Nomads

1946 anno domini found the world at peace. Except for the Jews, Arabs, and Brits in Palestine. And the French and Viet Minh in Vietnam. And the Muslims and Hindus in India. But hey, there’s always something, right? No reason to nitpick. We Gillons first holed up with Pop’s parents on Regent Street.

Mammy and Pappy Gillon

Till it got a bit crowded when Uncle Bill showed up with his French wife and her son. Bill had been an Army medic, Nanette had been a French whore. Bill had an interesting sense of humor, what with his mother being mega Catholic. All three of her sons had gone to West Catholic and family legend had it she was the first honorary female Christian Brother in North America. Who even knew there was such a thing? Also, according to family legend, she claimed to have had sex just the three times that resulted in her three sons. You might wonder, how could such a gossip tidbit come about? Did she tell someone?

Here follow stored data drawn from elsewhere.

(* Let $g\ge0$, $n\ge1$, $d\geq 1$ an integer and $S_1,\dots,S_d\subseteq\{1,\dots,n\}$. Let $Ch$ be a chamber such that $\sum_{i\in S_j}a_i<1$ for every $(a_1,\dots,a_n)\in Ch$ and every $j=1,\dots,d$. Let $\mathcal{R}=(r_1,\dots,r_n)$ be a weight datum such that $\sum_{i\in S_j}r_i=1$ for every $j=1,\dots,d$, while for every wall-indexing set $S\neq S_j$ (all $j$), $\mathcal{R}$ belongs to the half-space determined by the hyperplane $\sum_{i\in S}x_i=1$ that contains $Ch$. Then $\mathcal{G}_{g,\mathcal{A}}=\mathcal{G}_{g,\mathcal{R}}$ for every $\mathcal{A}\in Ch$.
   Context: A weight datum is $\mathcal{A}=(a_1,\dots,a_n)$ with $a_i\in\mathbb{Q}\cap(0,1]$ and $2g-2+\sum_i a_i>0$; $\mathcal{D}_{g,n}\subset\mathbb{R}^n$ is the set of weight data. For $S\subseteq\{1,\dots,n\}$ with $2\le|S|\le n$ if $g\ge1$ (resp. $2\le|S|\le n-2$ if $g=0$) (a wall-indexing set), the wall $w_S$ is the locus $\sum_{i\in S}a_i=1$ in $\mathcal{D}_{g,n}$. Chambers are the connected components of the complement in $\mathcal{D}_{g,n}$ of the union of all walls. A $(g,\mathcal{A})$-stable graph is a finite connected graph $G$ (loops and multiple edges allowed) with vertex weight $w:V(G)\to\mathbb{Z}_{\ge0}$ and $n$ legs labelled $1,\dots,n$ attached via $m:\{1,\dots,n\}\to V(G)$, with $b_1(G)+\sum_v w(v)=g$ and $2w(v)-2+|v|_E+|v|_{\mathcal{A}}>0$ for every vertex $v$, where $|v|_E$ is the number of edge half-edges at $v$ (loops counted twice) and $|v|_{\mathcal{A}}=\sum_{m(i)=v}a_i$. $\mathcal{G}_{g,\mathcal{A}}$ is the category whose objects are $(g,\mathcal{A})$-stable graphs and whose morphisms are compositions of isomorphisms of weighted marked graphs and weighted edge contractions. *)

From HB Require Import structures.
From mathcomp Require Import all_boot all_order all_algebra.
Set Implicit Arguments. Unset Strict Implicit. Unset Printing Implicit Defensive.
Import Order.TTheory GRing.Theory Num.Theory.
Local Open Scope ring_scope.

Definition weight_datum (g n : nat) (A : 'I_n -> rat) : Prop :=
  (forall i, 0 < A i /\ A i <= 1) /\ 0 < 2 * g%:R - 2 + \sum_(i < n) A i.

Definition wall_indexing (g n : nat) (S : {set 'I_n}) : Prop :=
  if (1 <= g)%N then (2 <= #|S| <= n)%N else (2 <= #|S| <= n - 2)%N.

Definition wsum n (S : {set 'I_n}) (A : 'I_n -> rat) : rat := \sum_(i in S) A i.

Definition is_chamber (g n : nat) (Ch : ('I_n -> rat) -> Prop) : Prop :=
  (exists A, Ch A) /\
  exists sigma : {set 'I_n} -> bool,
    forall A, Ch A <->
      (weight_datum g A /\
       forall S, wall_indexing g S ->
         if sigma S then wsum S A < 1 else 1 < wsum S A).

(* vertices 'I_nv, edges 'I_ne with (unordered) endpoints [ends e]
   (a loop has both endpoints equal), vertex weights [wt],
   legs 1..n attached via [leg]. *)
Record mgraph (n : nat) := MGraph {
  nv : nat;
  ne : nat;
  ends : 'I_ne -> 'I_nv * 'I_nv;
  wt : 'I_nv -> nat;
  leg : 'I_n -> 'I_nv }.
Arguments nv {n} m.
Arguments ne {n} m.
Arguments ends {n} m _.
Arguments wt {n} m _.
Arguments leg {n} m _.

Definition adj n (G : mgraph n) : rel 'I_(nv G) :=
  fun u v => [exists e, (ends G e == (u, v)) || (ends G e == (v, u))].

Definition gconnected n (G : mgraph n) : Prop :=
  forall u v : 'I_(nv G), connect (@adj n G) u v.

(* |v|_E : number of edge half-edges at v (loops counted twice) *)
Definition valE n (G : mgraph n) (v : 'I_(nv G)) : nat :=
  #|[set e | (ends G e).1 == v]| + #|[set e | (ends G e).2 == v]|.

Definition legw n (A : 'I_n -> rat) (G : mgraph n) (v : 'I_(nv G)) : rat :=
  \sum_(i < n | leg G i == v) A i.

(* (g,A)-stable graph; b_1(G) = |E| - |V| + 1 for a connected graph *)
Definition stable (g n : nat) (A : 'I_n -> rat) (G : mgraph n) : Prop :=
  (0 < nv G)%N /\ gconnected G /\
  ((ne G)%:Z - (nv G)%:Z + 1 + (\sum_(v < nv G) wt G v)%:Z = g%:Z)%R /\
  forall v : 'I_(nv G),
    0 < 2 * (wt G v)%:R - 2 + (valE v)%:R + legw A v.

(* ---------- morphisms: weighted edge contractions (incl. isomorphisms) ----------
   f : vertex map (surjective), h : injective map from the edges of H onto the
   non-contracted edges of G; contracted edges lie inside fibres, each fibre
   with its contracted edges is connected, legs are respected, and the weight
   of a vertex y of H is the total weight of its fibre plus the first Betti
   number of the contracted subgraph on the fibre. *)
Definition contracted n (G H : mgraph n) (h : 'I_(ne H) -> 'I_(ne G))
  (e : 'I_(ne G)) : bool := e \notin codom h.

Definition fib_adj n (G H : mgraph n) (f : 'I_(nv G) -> 'I_(nv H))
  (h : 'I_(ne H) -> 'I_(ne G)) (y : 'I_(nv H)) : rel 'I_(nv G) :=
  fun u v => (f u == y) && (f v == y) &&
    [exists e, contracted h e && ((ends G e == (u, v)) || (ends G e == (v, u)))].

Definition is_contraction n (G H : mgraph n) (f : 'I_(nv G) -> 'I_(nv H))
  (h : 'I_(ne H) -> 'I_(ne G)) : Prop :=
  (forall y, exists x, f x = y) /\
  injective h /\
  (forall e, (f (ends G (h e)).1 = (ends H e).1 /\ f (ends G (h e)).2 = (ends H e).2)
          \/ (f (ends G (h e)).1 = (ends H e).2 /\ f (ends G (h e)).2 = (ends H e).1)) /\
  (forall e, contracted h e -> f (ends G e).1 = f (ends G e).2) /\
  (forall y u v, f u = y -> f v = y -> connect (fib_adj f h y) u v) /\
  (forall i, f (leg G i) = leg H i) /\
  (forall y, ((wt H y)%:Z =
      (\sum_(x | f x == y) wt G x)%:Z
      + (#|[set e | contracted h e && (f (ends G e).1 == y)]|)%:Z
      - (#|[set x | f x == y]|)%:Z + 1)%R).

Definition hom (g n : nat) (A : 'I_n -> rat) (G H : mgraph n)
  (f : 'I_(nv G) -> 'I_(nv H)) (h : 'I_(ne H) -> 'I_(ne G)) : Prop :=
  stable g A G /\ stable g A H /\ is_contraction f h.

Arguments hom g {n} A G H f h.

Definition same_category (g n : nat) (A B : 'I_n -> rat) : Prop :=
  (forall G : mgraph n, stable g A G <-> stable g B G) /\
  (forall (G H : mgraph n) f h, hom g A G H f h <-> hom g B G H f h).

From Pilot Require Import Defs.
From HB Require Import structures.
From mathcomp Require Import all_boot all_order all_algebra.
From mathcomp Require Import zify lra.
Set Implicit Arguments. Unset Strict Implicit. Unset Printing Implicit Defensive.
Import Order.TTheory GRing.Theory Num.Theory.
Local Open Scope ring_scope.

(* Writing c = 2w(v) + |v|_E, the stability inequality at v reads
   c - 2 + |v|_A > 0, where |v|_A is a sum of weights in (0,1].  It always
   holds for c >= 3, means "v carries a leg" for c = 2, means |v|_A > 1 for
   c = 1 (false when v carries at most one leg), and for c = 0 the graph is a
   single vertex carrying all legs with g = 0, where it is the weight-datum
   condition.  Hence A and R have the same stable graphs, and then the same
   morphisms, as soon as they agree on which sets S with |S| >= 2 have
   sum_{i in S} > 1.  For a wall S_j neither sum exceeds 1 (< 1 on Ch, = 1
   at R); for any other wall R lies on the side of Ch; and a set with
   |S| >= 2 indexing no wall forces g = 0 and leaves at most one index out,
   so its sum exceeds 1 for every weight datum. *)

Section WeightSums.

Variables (g n : nat) (X : 'I_n -> rat).
Hypothesis wX : weight_datum g X.

Lemma wsum_ge0 (S : {set 'I_n}) : 0 <= wsum S X.
Proof. by apply: sumr_ge0 => i _; case: (wX.1 i) => /ltW. Qed.

Lemma wsum_gt0 {S : {set 'I_n}} : S != set0 -> 0 < wsum S X.
Proof.
case/set0Pn=> i Si; have := wsum_ge0 (S :\ i); case: (wX.1 i) => Xi_gt0 _.
by rewrite /wsum (big_setD1 i Si) /=; lra.
Qed.

Lemma wsum_le1 {S : {set 'I_n}} : (#|S| <= 1)%N -> wsum S X <= 1.
Proof.
move=> S_le1; have [->|[i Si]] := set_0Vmem S; first by rewrite /wsum big_set0.
have -> : S = [set i] by apply/eqP; rewrite eq_sym eqEcard sub1set Si cards1.
by rewrite /wsum big_set1; case: (wX.1 i).
Qed.

Lemma sum_eq_wsum_setC (S : {set 'I_n}) :
  \sum_(i < n) X i = wsum S X + wsum (~: S) X.
Proof.
by rewrite /wsum (bigID (mem S)) /=; congr (_ + _); apply: eq_bigl => i; rewrite inE.
Qed.

Lemma wsum_gt1_not_wall_indexing (S : {set 'I_n}) :
  (2 <= #|S|)%N -> ~ wall_indexing g S -> 1 < wsum S X.
Proof.
rewrite /wall_indexing; have := max_card S; rewrite card_ord => S_le_n S_ge2.
case: ifP => [_|/negbT g_lt1]; first by rewrite S_ge2 S_le_n.
have g0 : g = 0%N by lia.
rewrite S_ge2 /= => /negP S_gt.
have {}S_gt : (n - 2 < #|S|)%N by rewrite ltnNge.
have SC_le1 : (#|~: S| <= 1)%N by have := cardsC S; rewrite card_ord; lia.
have := wsum_le1 SC_le1; have := wX.2; rewrite g0 (sum_eq_wsum_setC S) /=.
by rewrite mulr0; lra.
Qed.

End WeightSums.

Definition wsum_gt1_equiv n (A R : 'I_n -> rat) : Prop :=
  forall S : {set 'I_n}, (2 <= #|S|)%N -> (1 < wsum S A) = (1 < wsum S R).

Lemma stable_ineq_equiv (g n : nat) (A R : 'I_n -> rat) (S : {set 'I_n}) (c : nat) :
  weight_datum g A -> weight_datum g R -> wsum_gt1_equiv A R ->
  (c = 0%N -> g = 0%N /\ S = setT) ->
  (0 < c%:R - 2 + wsum S A) = (0 < c%:R - 2 + wsum S R).
Proof.
move=> wA wR AR isolated.
have [|c_le2] := leqP 3 c.
  rewrite -(ler_nat rat) => c_ge3.
  by have := wsum_ge0 wA S; have := wsum_ge0 wR S; lra.
move: c_le2 isolated; case: c => [|[|[|//]]] _ isolated.
- have [g0 ->] := isolated erefl.
  have sumT (X : 'I_n -> rat) : weight_datum 0 X -> 2 < wsum setT X.
    move=> [_]; have -> : wsum setT X = \sum_(i < n) X i.
      by apply: eq_bigl => i; rewrite in_setT.
    lra.
  by move: wA wR; rewrite g0 => /sumT wA /sumT wR; lra.
- have [S_le1|S_ge2] := leqP #|S| 1.
    by have := wsum_le1 wA S_le1; have := wsum_le1 wR S_le1; lra.
  by have := AR S S_ge2; lra.
- have [->|S0] := eqVneq S set0; first by rewrite /wsum !big_set0.
  by have := wsum_gt0 wA S0; have := wsum_gt0 wR S0; lra.
Qed.

Section IsolatedVertex.

Variables (n : nat) (G : mgraph n) (v : 'I_(nv G)).
Hypotheses (connG : gconnected G) (v_isolated : valE v = 0%N).

Lemma isolated_no_edge_at (e : 'I_(ne G)) :
  (ends G e).1 != v /\ (ends G e).2 != v.
Proof.
move: v_isolated; rewrite /valE => /eqP; rewrite addn_eq0 !cards_eq0.
by case/andP=> /eqP/setP/(_ e) + /eqP/setP/(_ e); rewrite !inE => -> ->.
Qed.

Lemma isolated_only_vertex (u : 'I_(nv G)) : u = v.
Proof.
have /connectP [[|x p] //= /andP [/existsP [e adj_e] _] _] := connG v u.
have [no1 no2] := isolated_no_edge_at e.
by case/orP: adj_e => /eqP ends_e; rewrite ends_e eqxx in no1 no2.
Qed.

Lemma isolated_nv_ne : nv G = 1%N /\ ne G = 0%N.
Proof.
split.
  case: (ltngtP (nv G) 1) => // [nv_lt1|nv_gt1]; first by have := ltn_ord v; lia.
  have /(congr1 val) := isolated_only_vertex (Ordinal nv_gt1).
  by have /(congr1 val) <- := isolated_only_vertex (Ordinal (ltnW nv_gt1)).
case: (posnP (ne G)) => // ne_gt0.
case: (isolated_no_edge_at (Ordinal ne_gt0)).
by rewrite (isolated_only_vertex (ends G _).1) eqxx.
Qed.

Lemma isolated_genus (g : nat) :
  ((ne G)%:Z - (nv G)%:Z + 1 + (\sum_(u < nv G) wt G u)%:Z = g%:Z)%R ->
  g = wt G v.
Proof.
have [nv1 ne0] := isolated_nv_ne.
rewrite (bigD1 v) //= big1 ?addn0 => [|u]; last by rewrite (isolated_only_vertex u) eqxx.
by rewrite nv1 ne0; lia.
Qed.

End IsolatedVertex.

Lemma legwE n (X : 'I_n -> rat) (G : mgraph n) (v : 'I_(nv G)) :
  legw X v = wsum [set i | leg G i == v] X.
Proof. by rewrite /legw /wsum; apply: eq_bigl => i; rewrite inE. Qed.

Lemma stable_wsum_gt1_equiv (g n : nat) (A R : 'I_n -> rat) (G : mgraph n) :
  weight_datum g A -> weight_datum g R -> wsum_gt1_equiv A R ->
  stable g A G <-> stable g R G.
Proof.
move=> wA wR AR.
suff vertexE : gconnected G ->
    ((ne G)%:Z - (nv G)%:Z + 1 + (\sum_(u < nv G) wt G u)%:Z = g%:Z)%R ->
    forall v : 'I_(nv G),
    (0 < 2 * (wt G v)%:R - 2 + (valE v)%:R + legw A v) =
    (0 < 2 * (wt G v)%:R - 2 + (valE v)%:R + legw R v).
  split=> -[nv_gt0 [connG [genusG stab]]]; (do !split=> //) => v.
  - by rewrite -(vertexE connG genusG).
  - by rewrite (vertexE connG genusG).
move=> connG genusG v; rewrite !legwE.
have shiftE (x : rat) :
    2 * (wt G v)%:R - 2 + (valE v)%:R + x = (2 * wt G v + valE v)%:R - 2 + x.
  by rewrite natrD natrM; lra.
rewrite !shiftE; apply: (stable_ineq_equiv wA wR AR) => c0.
have [w0 val0] : wt G v = 0%N /\ valE v = 0%N by lia.
have g0 := isolated_genus connG val0 genusG; rewrite w0 in g0.
split=> //; apply/setP=> i; rewrite !inE (isolated_only_vertex connG val0 (leg G i)).
by rewrite eqxx.
Qed.

Lemma same_category_wsum_gt1_equiv (g n : nat) (A R : 'I_n -> rat) :
  weight_datum g A -> weight_datum g R -> wsum_gt1_equiv A R ->
  same_category g A R.
Proof.
move=> wA wR AR; have stableE := stable_wsum_gt1_equiv _ wA wR AR.
split=> // G H f h; have := stableE G; have := stableE H.
by rewrite /Defs.hom; tauto.
Qed.

Lemma wall_indexing_dec g n (S : {set 'I_n}) : decidable (wall_indexing g S).
Proof. exact: decP idP. Qed.

Lemma chamber_wsum_gt1_equiv (g n d : nat) (Sj : 'I_d -> {set 'I_n})
  (Ch : ('I_n -> rat) -> Prop) (R A : 'I_n -> rat) :
  is_chamber g Ch -> Ch A ->
  (forall A, Ch A -> forall j, wsum (Sj j) A < 1) ->
  weight_datum g R ->
  (forall j, wsum (Sj j) R = 1) ->
  (forall S, wall_indexing g S -> (forall j, S != Sj j) ->
     forall A, Ch A ->
       (wsum S A < 1 -> wsum S R < 1) /\ (1 < wsum S A -> 1 < wsum S R)) ->
  wsum_gt1_equiv A R.
Proof.
move=> [_ [sigma Ch_sides]] ChA Sj_lt1 wR Sj_R R_side S S_ge2.
have [wA A_side] := (Ch_sides A).1 ChA.
have [wallS|not_wallS] := wall_indexing_dec g S; last first.
  by rewrite (wsum_gt1_not_wall_indexing wA) ?(wsum_gt1_not_wall_indexing wR).
have [/existsP [j /eqP ->]|] := boolP [exists j, S == Sj j].
  by have := Sj_lt1 A ChA j; rewrite Sj_R ltxx; lra.
rewrite negb_exists => /forallP S_neq.
have [R_lt R_gt] := R_side S wallS (fun j => S_neq j) A ChA.
have := A_side S wallS; case: (sigma S) => [/[dup] /R_lt|/[dup] /R_gt]; lra.
Qed.

Theorem mainTheorem3 (g n d : nat) (Sj : 'I_d -> {set 'I_n})
  (Ch : ('I_n -> rat) -> Prop) (R : 'I_n -> rat) :
  (1 <= n)%N -> (1 <= d)%N ->
  is_chamber g Ch ->
  (forall A, Ch A -> forall j, wsum (Sj j) A < 1) ->
  weight_datum g R ->
  (forall j, wsum (Sj j) R = 1) ->
  (forall S, wall_indexing g S -> (forall j, S != Sj j) ->
     forall A, Ch A ->
       (wsum S A < 1 -> wsum S R < 1) /\ (1 < wsum S A -> 1 < wsum S R)) ->
  forall A, Ch A -> same_category g A R.
Proof.
move=> _ _ ChamberCh Sj_lt1 wR Sj_R R_side A ChA.
have wA : weight_datum g A.
  by case: ChamberCh => _ [sigma Ch_sides]; case: ((Ch_sides A).1 ChA).
apply: same_category_wsum_gt1_equiv => //.
exact: chamber_wsum_gt1_equiv ChamberCh ChA Sj_lt1 wR Sj_R R_side.
Qed.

I think it might have happened like this:

SETTING: Dining room table at Regent Street.
AT RISE: Grandpop sits at the head of the table, per Grandmom’s instructions. She sits at the foot. Along one side are Christian, Nanette and Bill. On the other, Mom, me and Pop. Grandpop beams, Grandmom sits bolt upright. Mom takes advantage of my every move to fuss with me. Pop looks at his plate, Bill looks around smiling, Christian hunches down trying not be seen and Nanette stares into space.
POP (looking up): So Bill. France. I never made it out of the country.
BILL: Count your blessings.
GRANDPOP: We’re all very proud of you Bill. (Turns to Nanette). It must have very hard for you Nanette.
NANETTE: But yes. Mais J’ai combattu la guerre avec ma chatte.
BILL (translating): She was in the Resistance.
(LITTLE JOE farts). Grandmom glares at him.
NANETTE: Resistance? Non, non, je ne pas resiste! Je leur ai donne tout le clap!
BILL: She was a saboteur.
GRANDPOP (impressed): Well, well, another war hero!
NANETTE: Oui, exactement. Le saboteur! (She laughs). Je ai donne le clap a des centaines d’Allemandes! (She looks around triumphantly).
(Christian stares in awe, as he might look at Audie Murphy).
NANETTE (seeing that no one but Bill and Christian understand): Hundreds! Une maladie venerienne!
CHRISTIAN (incredulous): Centaines?
NANETTE: Oui, oui, mon petit porc nazi. Peut-etre une mille!
GRANDMOM (sniffing): Well, I’ve only had sex three times, once for each son.
(Everyone stares).
NANETTE: Pauvre chose.
GRANDMOM (Looking at Pop): At least she’s Catholic.